[motivation]
### The problem of redundant representations
Mathematics is full of situations where distinct objects encode the same information. The integers $3$ and $10$ are different, but modulo $7$ they behave identically: they leave the same remainder, and any arithmetic statement about remainders that holds for one holds for the other. The matrices
\begin{align*}
A = \begin{pmatrix} 1 & 0 \\ 0 & 2 \end{pmatrix}, \qquad B = \begin{pmatrix} 5 & -4 \\ 4 & -2 \end{pmatrix}
\end{align*}
are different as arrays of numbers, but they represent the same linear transformation in different bases ($B$ has eigenvalues $1$ and $2$ as well). The pairs $(1, 2)$ and $(3, 6)$ in $\mathbb{Z} \times (\mathbb{Z} \setminus \{0\})$ are different, but both represent the rational number $\frac{1}{2}$. In each example, we want to declare certain distinct objects to be "equivalent" and then work with the resulting collapsed collection.
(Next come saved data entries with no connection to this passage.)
(* Let $T\ge1$ and $0<\eta\le\frac{1}{5\sqrt T}$, and suppose $d:=\max\{25\eta^2T^2,1\}$ is a positive integer. Let $f(w)=\max\{0,\max_{i\in[d]}(\frac{1}{\sqrt d}-w[i]-\frac{\eta i}{4d})\}$ on $\mathbb R^d$ and run unprojected GD $w_1=0$, $w_{t+1}=w_t-\eta\nabla f(w_t)$ for $1\le t<T$. Then (i) $w_t\in\mathbb B^d$ (the closed unit ball) for all $t\in[T]$; and (ii) for every $m\in\{1,\dots,T\}$, the suffix average $w_{T,m}=\frac1m\sum_{i=1}^m w_{T-i+1}$ satisfies $$f(w_{T,m})-\inf_{w\in\mathbb R^d}f(w)\ \ge\ \min\Big\{\frac14,\ \frac{1}{20\eta T}\Big\}.$$
   Context: $w[i]$ denotes the $i$-th coordinate of $w$. *)

From HB Require Import structures.
From mathcomp Require Import all_boot all_order all_algebra.
From mathcomp Require Import boolp classical_sets reals.
Set Implicit Arguments. Unset Strict Implicit. Unset Printing Implicit Defensive.
Import Order.TTheory GRing.Theory Num.Theory.
Local Open Scope ring_scope.
Local Open Scope classical_set_scope.

(* Vectors in R^d are functions 'I_d -> R; coordinate i : 'I_d is the
   paper's coordinate i+1 (paper indexes [d] = {1,...,d}). *)
Definition vec (R : realType) (d : nat) := 'I_d -> R.

Definition dotv (R : realType) (d : nat) (u v : vec R d) : R :=
  \sum_(i < d) u i * v i.

Definition norm2 (R : realType) (d : nat) (u : vec R d) : R :=
  Num.sqrt (dotv u u).

Definition fhard (R : realType) (d : nat) (eta : R) (w : vec R d) : R :=
  Num.max 0 (\big[Num.max/0]_(j < d)
     ((Num.sqrt d%:R)^-1 - w j - eta * (val j).+1%:R / (4 * d%:R))).

Definition is_subgrad (R : realType) (d : nat) (f : vec R d -> R)
  (w g : vec R d) : Prop :=
  forall v : vec R d, f w + dotv g (fun i => v i - w i) <= f v.

Definition suffix_avg (R : realType) (d : nat) (w : nat -> vec R d)
  (T m : nat) : vec R d :=
  fun j => m%:R^-1 * \sum_(1 <= i < m.+1) w (T - i + 1)%N j.

(* Every piece of f has gradient -e_i and the offsets eta i / (4 d) are tiny, so from w_1 = 0
   subgradient descent raises the coordinates one at a time in cyclic order: after n steps
   coordinate j equals eta (n div d + [j < n mod d]).  At that point the piece of index n mod d
   leads every other piece by at least eta / (4 d), which forces the subgradient to be
   -e_(n mod d).  As n < T and d >= (5 eta T)^2, all coordinates stay in [0, 2 / (5 sqrt d)], so
   the iterates have norm at most 2/5 and any average of them has first piece at least
   1 / (2 sqrt d) = min (1/2, 1 / (10 eta T)), while inf f = 0. *)

From mathcomp Require Import all_boot all_order all_algebra.
From mathcomp Require Import boolp classical_sets reals.
From mathcomp Require Import ring lra.
Set Implicit Arguments. Unset Strict Implicit. Unset Printing Implicit Defensive.
Import Order.TTheory GRing.Theory Num.Theory.
Local Open Scope ring_scope.
Local Open Scope classical_set_scope.

Section HardFunction.
Variables (R : realType) (d : nat) (eta : R).
Local Notation s := (Num.sqrt (d%:R : R)).
Local Notation f := (@fhard R d eta).

Definition fhard_piece (w : vec R d) (j : 'I_d) : R :=
  s^-1 - w j - eta * (val j).+1%:R / (4 * d%:R).

Lemma fhard_ge_piece (w : vec R d) (j : 'I_d) : fhard_piece w j <= f w.
Proof.
rewrite /fhard le_max; apply/orP; right.
exact: (le_bigmax _ (fhard_piece w)).
Qed.

Lemma fhard_ge0 (w : vec R d) : 0 <= f w.
Proof. by rewrite /fhard le_max lexx. Qed.

Lemma fhard_le (w : vec R d) (M : R) :
  0 <= M -> (forall j, fhard_piece w j <= M) -> f w <= M.
Proof.
by move=> M0 hM; rewrite /fhard ge_max M0; apply: bigmax_le => // i _; exact: hM.
Qed.

Lemma fhard_eq_piece (w : vec R d) (r : 'I_d) :
  0 <= fhard_piece w r -> (forall j, fhard_piece w j <= fhard_piece w r) ->
  f w = fhard_piece w r.
Proof.
by move=> r0 hr; apply/eqP; rewrite eq_le fhard_le ?fhard_ge_piece.
Qed.

Lemma fhard_const_inv_sqrt : 0 <= eta -> f (fun _ : 'I_d => s^-1) = 0.
Proof.
move=> eta0; apply/eqP; rewrite eq_le fhard_ge0 andbT.
apply: fhard_le => // j; rewrite /fhard_piece subrr sub0r oppr_le0.
by rewrite mulr_ge0 ?invr_ge0 ?mulr_ge0 ?ler0n.
Qed.

Lemma inf_range_fhard : 0 <= eta -> inf (range f) = 0.
Proof.
move=> eta0; apply/eqP; rewrite eq_le; apply/andP; split.
  rewrite -(fhard_const_inv_sqrt eta0); apply: ge_inf; last by exists (fun _ : 'I_d => s^-1).
  by exists 0 => _ [w _ <-]; exact: fhard_ge0.
apply: lb_le_inf; first by exists (f (fun _ : 'I_d => 0)), (fun _ : 'I_d => 0).
by move=> _ [w _ <-]; exact: fhard_ge0.
Qed.

Lemma fhard_ge_half_inv_sqrt (u : vec R d) (j : 'I_d) : 0 <= eta ->
  eta <= (5 * s)^-1 -> u j <= 2 * (5 * s)^-1 -> (2 * s)^-1 <= f u.
Proof.
move=> eta0 eta_s uj; apply: le_trans (fhard_ge_piece u j); rewrite /fhard_piece.
have d0 : 0 < d%:R :> R by rewrite ltr0n (leq_ltn_trans (leq0n _) (ltn_ord j)).
have : eta * (val j).+1%:R / (4 * d%:R) <= eta / 4.
  rewrite ler_pdivrMr ?mulr_gt0 //.
  have -> : eta / 4 * (4 * d%:R) = eta * d%:R by field.
  by apply: ler_wpM2l => //; rewrite ler_nat ltn_ord.
have : 0 <= s^-1 by rewrite invr_ge0 sqrtr_ge0.
rewrite !invfM in eta_s uj *; lra.
Qed.

Definition shift_coord (w : vec R d) (k : 'I_d) (x : R) : vec R d :=
  fun i => w i + (if i == k then x else 0).

Definition dominant_piece (w : vec R d) (r : 'I_d) (del : R) : Prop :=
  del <= fhard_piece w r /\
  forall j, j != r -> fhard_piece w j + del <= fhard_piece w r.

Lemma fhard_shift (w : vec R d) (r k : 'I_d) (del x : R) :
  dominant_piece w r del -> `|x| <= del ->
  f (shift_coord w k x) = fhard_piece w r - (if k == r then x else 0).
Proof.
move=> [del_le_r r_dominant] /ler_normlP [xl xr].
have pieceE j :
    fhard_piece (shift_coord w k x) j = fhard_piece w j - (if j == k then x else 0).
  by rewrite /fhard_piece /shift_coord; lra.
rewrite (eq_sym k r) -pieceE.
apply: fhard_eq_piece => [|j]; rewrite !pieceE.
  by case: (r == k); lra.
case: (eqVneq j r) => [->|jr]; first exact: lexx.
by have := r_dominant _ jr; case: (j == k); case: (r == k); lra.
Qed.

Lemma subgrad_fhard_dominant (w g : vec R d) (r : 'I_d) (del : R) :
  0 < del -> dominant_piece w r del -> is_subgrad f w g ->
  g = fun k => if k == r then -1 else 0.
Proof.
move=> del0 hdom hsub; apply: funext => k.
have fw : f w = fhard_piece w r.
  case: hdom => del_le_r r_dominant; apply: fhard_eq_piece => [|j]; first lra.
  case: (eqVneq j r) => [->|jr]; first exact: lexx.
  by have := r_dominant _ jr; lra.
have slope x : `|x| <= del -> g k * x <= - (if k == r then x else 0).
  move=> hx; have := hsub (shift_coord w k x); rewrite (fhard_shift k hdom hx) fw.
  rewrite /dotv (bigD1 k) //= big1 => [|i ik]; last first.
    by rewrite /shift_coord (negbTE ik) addr0 subrr mulr0.
  rewrite /shift_coord eqxx addr0 [w k + x]addrC addrK => h.
  by rewrite -(lerD2l (fhard_piece w r)).
have := slope del; have := slope (- del).
rewrite normrN gtr0_norm // => /(_ (lexx _)) h1 /(_ (lexx _)) h2.
by apply/eqP; rewrite eq_le; case: (k == r) h1 h2 => h1 h2; apply/andP; split; nra.
Qed.

End HardFunction.

Lemma norm2_le (R : realType) (d : nat) (u : vec R d) (c : R) :
  0 <= c -> (forall j, `|u j| <= c) -> norm2 u <= Num.sqrt d%:R * c.
Proof.
move=> c0 hc; rewrite /norm2 -[c in X in _ <= X]ger0_norm // -sqrtr_sqr.
rewrite -sqrtrM ?ler0n // ler_sqrt ?mulr_ge0 ?ler0n ?sqr_ge0 //.
apply: (@le_trans _ _ (\sum_(j < d) c ^+ 2)); last first.
  by rewrite sumr_const card_ord mulr_natl.
apply: ler_sum => j _.
by apply: le_trans (ler_norm _) _; rewrite normrM expr2 ler_pM.
Qed.

Lemma suffix_avg_le (R : realType) (d : nat) (w : nat -> vec R d) (T m : nat)
    (j : 'I_d) (c : R) :
  (0 < m)%N -> (forall i, (1 <= i <= m)%N -> w (T - i + 1)%N j <= c) ->
  suffix_avg w T m j <= c.
Proof.
move=> m0 hc; rewrite /suffix_avg ler_pdivrMl ?ltr0n //.
apply: (@le_trans _ _ (\sum_(1 <= i < m.+1) c)).
  by apply: ler_sum_nat => i /andP [i1 im]; apply: hc; rewrite i1 -ltnS.
by rewrite sumr_const_nat subn1 mulr_natl.
Qed.

Lemma divn_ltn_modS (n d j : nat) : (0 < d)%N -> (j < d)%N ->
  (n %/ d + (j < n %% d) + (j == n %% d) = n.+1 %/ d + (j < n.+1 %% d))%N.
Proof.
move=> hd hj.
have hr : (n %% d < d)%N by rewrite ltn_mod.
have em : (n.+1 %% d = (n %% d).+1 %% d)%N by rewrite -addn1 -modnDml addn1.
rewrite (divnS _ hd) /dvdn em.
have [h|h] := ltnP (n%%d).+1 d.
  rewrite (modn_small h) /= add0n -addnA; congr (_ + _)%N.
  by rewrite ltnS; case: (ltngtP j (n %% d)).
have hd' : (n %% d).+1 = d by apply/eqP; rewrite eqn_leq hr h.
rewrite hd' modnn /= ?ltn0 ?addn0 add1n -addnA -[(n %/ d).+1]addn1; congr (_ + _)%N.
have : (j <= n %% d)%N by rewrite -ltnS hd'.
by case: (ltngtP j (n %% d)).
Qed.

Section GradientDescentPath.
Variables (R : realType) (d : nat) (eta : R).
Hypothesis d_gt0 : (0 < d)%N.
Local Notation s := (Num.sqrt (d%:R : R)).
Local Notation e := (eta / (4 * d%:R)).

Definition gd_iterate (n : nat) : vec R d := fun j => eta * (n %/ d + (j < n %% d))%:R.

Definition active_coord (n : nat) : 'I_d := Ordinal (ltn_pmod n d_gt0).

Lemma gd_iterateS (n : nat) :
  gd_iterate n.+1 = fun j => gd_iterate n j - eta * (if j == active_coord n then -1 else 0).
Proof.
apply: funext => j; rewrite /gd_iterate -(divn_ltn_modS n d_gt0 (ltn_ord j)).
have -> : (j == active_coord n) = (val j == n %% d)%N by [].
by case: (val j == n %% d)%N; rewrite /= ?addn0 ?natrD; lra.
Qed.

Lemma fhard_piece_gd_iterate (n : nat) (j : 'I_d) : fhard_piece eta (gd_iterate n) j =
  s^-1 - eta * (n %/ d)%:R - eta * (j < n %% d)%:R - e * (val j)%:R - e.
Proof. by rewrite /fhard_piece /gd_iterate natrD -natr1; ring. Qed.

Lemma gd_iterate_dominant (n : nat) : 0 < eta -> eta <= (5 * s)^-1 ->
  eta * (n %/ d)%:R <= (5 * s)^-1 ->
  dominant_piece eta (gd_iterate n) (active_coord n) e.
Proof.
move=> eta0 eta_s hq.
have d0 : 0 < d%:R :> R by rewrite ltr0n.
have e0 : 0 < e by rewrite divr_gt0 ?mulr_gt0.
have eD : e * d%:R = eta / 4 by field; rewrite ?pnatr_eq0 -?lt0n.
have ej j : 0 <= e * j%:R by rewrite mulr_ge0 ?ler0n // ltW.
have ele k l : (k <= l)%N -> e * k%:R <= e * l%:R by move=> kl; rewrite ler_pM2l // ler_nat.
have e_le : e * (n %% d)%:R + e <= eta / 4.
  by rewrite -eD -[e in _ + e]mulr1 -mulrDr natr1 ler_pM2l // ler_nat ltn_pmod.
have s_inv : 0 <= s^-1 by rewrite invr_ge0 sqrtr_ge0.
rewrite invfM in eta_s hq.
split=> [|j jr]; rewrite !fhard_piece_gd_iterate /= ltnn mulr0.
  by have := ej (n %% d)%N; lra.
have [jn|nj] := ltnP j (n %% d).
  by have := ej j; rewrite /=; lra.
have {}nj : (n %% d < j)%N.
  by rewrite ltn_neqAle nj andbT; apply: contra jr => /eqP jn; apply/eqP/val_inj.
rewrite /= mulr0; have := ele _ _ nj.
by rewrite -[(n %% d).+1%:R]natr1 mulrDr mulr1; lra.
Qed.

Lemma gd_iterate_bound (n : nat) (j : 'I_d) : 0 < eta -> eta <= (5 * s)^-1 ->
  eta * (n %/ d)%:R <= (5 * s)^-1 -> 0 <= gd_iterate n j <= 2 * (5 * s)^-1.
Proof.
move=> eta0 eta_s hq; rewrite /gd_iterate mulr_ge0 ?ler0n ?(ltW eta0) //= natrD mulrDr.
have : eta * (j < n %% d)%:R <= eta by rewrite ler_piMr ?(ltW eta0) // lern1 leq_b1.
lra.
Qed.

Lemma eta_mul_divn_le (T n : nat) : 0 < eta -> 5 * eta * T%:R <= s -> (n < T)%N ->
  eta * (n %/ d)%:R <= (5 * s)^-1.
Proof.
move=> eta0 eta_T nT.
have s0 : 0 < s by rewrite sqrtr_gt0 ltr0n.
have qT : (n %/ d)%:R * d%:R <= T%:R :> R.
  by rewrite -natrM ler_nat (leq_trans (leq_divM n d)) // ltnW.
rewrite -[d%:R](sqr_sqrtr (ler0n _ _)) expr2 mulrA in qT.
rewrite -[(5 * s)^-1]mul1r ler_pdivlMr ?mulr_gt0 //.
nra.
Qed.

Section Run.
Variables (T : nat) (w g : nat -> vec R d).
Hypotheses (eta_gt0 : 0 < eta) (eta_s : eta <= (5 * s)^-1) (eta_T : 5 * eta * T%:R <= s).
Hypothesis w1 : w 1%N = (fun _ => 0).
Hypothesis gd_step : forall t : nat, (1 <= t < T)%N ->
  is_subgrad (@fhard R d eta) (w t) (g t) /\ w t.+1 = (fun i => w t i - eta * g t i).

Lemma gd_trajectory (n : nat) : (n < T)%N -> w n.+1 = gd_iterate n.
Proof.
elim: n => [|n IH] nT.
  by rewrite w1; apply: funext => j; rewrite /gd_iterate div0n mod0n mulr0.
have [sub ->] := gd_step (t := n.+1) nT; rewrite IH ?(ltnW nT) // in sub *.
have e0 : 0 < e by rewrite divr_gt0 ?mulr_gt0 ?ltr0n.
have dom := gd_iterate_dominant eta_gt0 eta_s (eta_mul_divn_le eta_gt0 eta_T (ltnW nT)).
by rewrite gd_iterateS (subgrad_fhard_dominant e0 dom sub).
Qed.

Lemma gd_coord_bound (t : nat) (j : 'I_d) : (1 <= t <= T)%N ->
  0 <= w t j <= 2 * (5 * s)^-1.
Proof.
case: t => [//|n] /andP [_ nT]; rewrite gd_trajectory //.
exact: gd_iterate_bound eta_gt0 eta_s (eta_mul_divn_le eta_gt0 eta_T nT).
Qed.

Lemma gd_norm_le (t : nat) : (1 <= t <= T)%N -> norm2 (w t) <= 2 / 5.
Proof.
move=> tT; have s0 : 0 < s by rewrite sqrtr_gt0 ltr0n.
have c0 : 0 <= 2 * (5 * s)^-1 by rewrite mulr_ge0 // invr_ge0 mulr_ge0 // ltW.
have wt_bound j : `|w t j| <= 2 * (5 * s)^-1.
  by have /andP [wj0 wj] := gd_coord_bound j tT; rewrite ger0_norm.
apply: le_trans (norm2_le c0 wt_bound) _.
by have -> : s * (2 * (5 * s)^-1) = 2 / 5 by field; rewrite gt_eqF.
Qed.

Lemma gd_suffix_avg_le (m : nat) (j : 'I_d) : (1 <= m <= T)%N ->
  suffix_avg w T m j <= 2 * (5 * s)^-1.
Proof.
move=> /andP [m1 mT]; apply: suffix_avg_le => // i /andP [i1 im].
have T1 : (1 <= T)%N := leq_trans m1 mT.
have iT : (1 <= T - i + 1 <= T)%N by rewrite addn1 ltn_subrL i1 T1.
by case/andP: (gd_coord_bound j iT).
Qed.

End Run.
End GradientDescentPath.

Lemma sqrtr_max_sqr1 (R : realType) (x : R) :
  0 <= x -> Num.sqrt (Num.max (x ^+ 2) 1) = Num.max x 1.
Proof.
move=> x0; have [x1|x1] := leP x 1.
  by rewrite !max_r ?sqrtr1 // expr_le1.
rewrite !max_l ?sqrtr_sqr ?ger0_norm // ?(ltW x1) //.
by rewrite expr2 -[1]mulr1 ler_pM // ltW.
Qed.

Lemma eta_le_inv_max (R : realType) (T : nat) (eta : R) : (1 <= T)%N -> 0 < eta ->
  eta <= (5 * Num.sqrt T%:R)^-1 -> eta <= (5 * Num.max (5 * eta * T%:R) 1)^-1.
Proof.
move=> T1 eta0 eta_T.
have sT1 : 1 <= Num.sqrt T%:R :> R by rewrite -[X in X <= _]sqrtr1 ler_sqrt ?ler1n ?ler0n.
have sT2 : Num.sqrt T%:R ^+ 2 = T%:R :> R by rewrite sqr_sqrtr // ler0n.
have {}eta_T : eta * (5 * Num.sqrt T%:R) <= 1.
  by rewrite -ler_pdivlMr ?mul1r // mulr_gt0 // (lt_le_trans ltr01).
have M0 : 0 < 5 * Num.max (5 * eta * T%:R) 1 by rewrite mulr_gt0 // lt_max ltr01 orbT.
rewrite -[(5 * Num.max _ _)^-1]mul1r ler_pdivlMr //.
case: (leP (5 * eta * T%:R) 1) => h; nra.
Qed.

Theorem mainTheorem13 (R : realType) (T d : nat) (eta : R)
  (w g : nat -> vec R d) :
  (1 <= T)%N ->
  0 < eta ->
  eta <= (5 * Num.sqrt T%:R)^-1 ->
  d%:R = Num.max (25 * eta ^+ 2 * T%:R ^+ 2) 1 ->
  (0 < d)%N ->
  w 1%N = (fun _ => 0) ->
  (forall t : nat, (1 <= t < T)%N ->
     is_subgrad (@fhard R d eta) (w t) (g t) /\
     w t.+1 = (fun i => w t i - eta * g t i)) ->
  (forall t : nat, (1 <= t <= T)%N -> norm2 (w t) <= 1) /\
  (forall m : nat, (1 <= m <= T)%N ->
     @fhard R d eta (suffix_avg w T m) - inf (range (@fhard R d eta))
       >= Num.min (4%:R^-1) ((20 * eta * T%:R)^-1)).
Proof.
move=> T1 eta0 eta_sqrtT hd d0 w1 step.
have s_def : Num.sqrt d%:R = Num.max (5 * eta * T%:R) 1 :> R.
  rewrite hd.
  have -> : 25 * eta ^+ 2 * T%:R ^+ 2 = (5 * eta * T%:R) ^+ 2 by ring.
  by rewrite sqrtr_max_sqr1 // mulr_ge0 ?ler0n // mulr_ge0 // ltW.
have eta_s : eta <= (5 * Num.sqrt d%:R)^-1 by rewrite s_def eta_le_inv_max.
have eta_T : 5 * eta * T%:R <= Num.sqrt d%:R by rewrite s_def le_max lexx.
split=> [t tT | m mT].
  by apply: le_trans (gd_norm_le d0 eta0 eta_s eta_T w1 step tT) _; lra.
rewrite inf_range_fhard ?subr0; last exact: ltW.
have avg_bound := gd_suffix_avg_le d0 eta0 eta_s eta_T w1 step (Ordinal d0) mT.
apply: (le_trans _ (fhard_ge_half_inv_sqrt (ltW eta0) eta_s avg_bound)).
rewrite s_def ge_min; case: (leP (5 * eta * T%:R) 1) => h; apply/orP; [left | right].
  by rewrite mulr1 lef_pV2 ?posrE //; lra.
rewrite lef_pV2 ?posrE; lra.
Qed.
### Ad hoc identification fails
Without a unifying framework, each branch of mathematics must independently invent its own procedure for collapsing redundant representations. Number theorists define congruence classes. Linear algebraists define similarity classes. Topologists define homotopy classes. Each time, the same pattern appears: define a relation, verify that it behaves well (in particular, that "equivalent to equivalent" remains equivalent), form the collection of classes, and check that operations on the original objects descend to operations on classes. The logical structure is identical in every case, which suggests that a single definition should capture all of them.
### Three properties, one definition
What properties must a relation $\sim$ on a set $X$ satisfy for "collapsing $X$ by $\sim$" to be sensible? First, every object should be equivalent to itself, since no representation should be excluded from its own equivalence class --- this is reflexivity. Second, if $a$ is equivalent to $b$, then $b$ should be equivalent to $a$, since equivalence is a symmetric notion --- this is symmetry. Third, if $a$ is equivalent to $b$ and $b$ is equivalent to $c$, then $a$ should be equivalent to $c$, since chains of equivalences should not break --- this is transitivity. These three conditions turn out to be exactly the right axioms. Any relation satisfying all three induces a clean decomposition of $X$ into non-overlapping classes, and conversely, any such decomposition arises from a unique equivalence relation. This is the content of the fundamental correspondence between equivalence relations and partitions.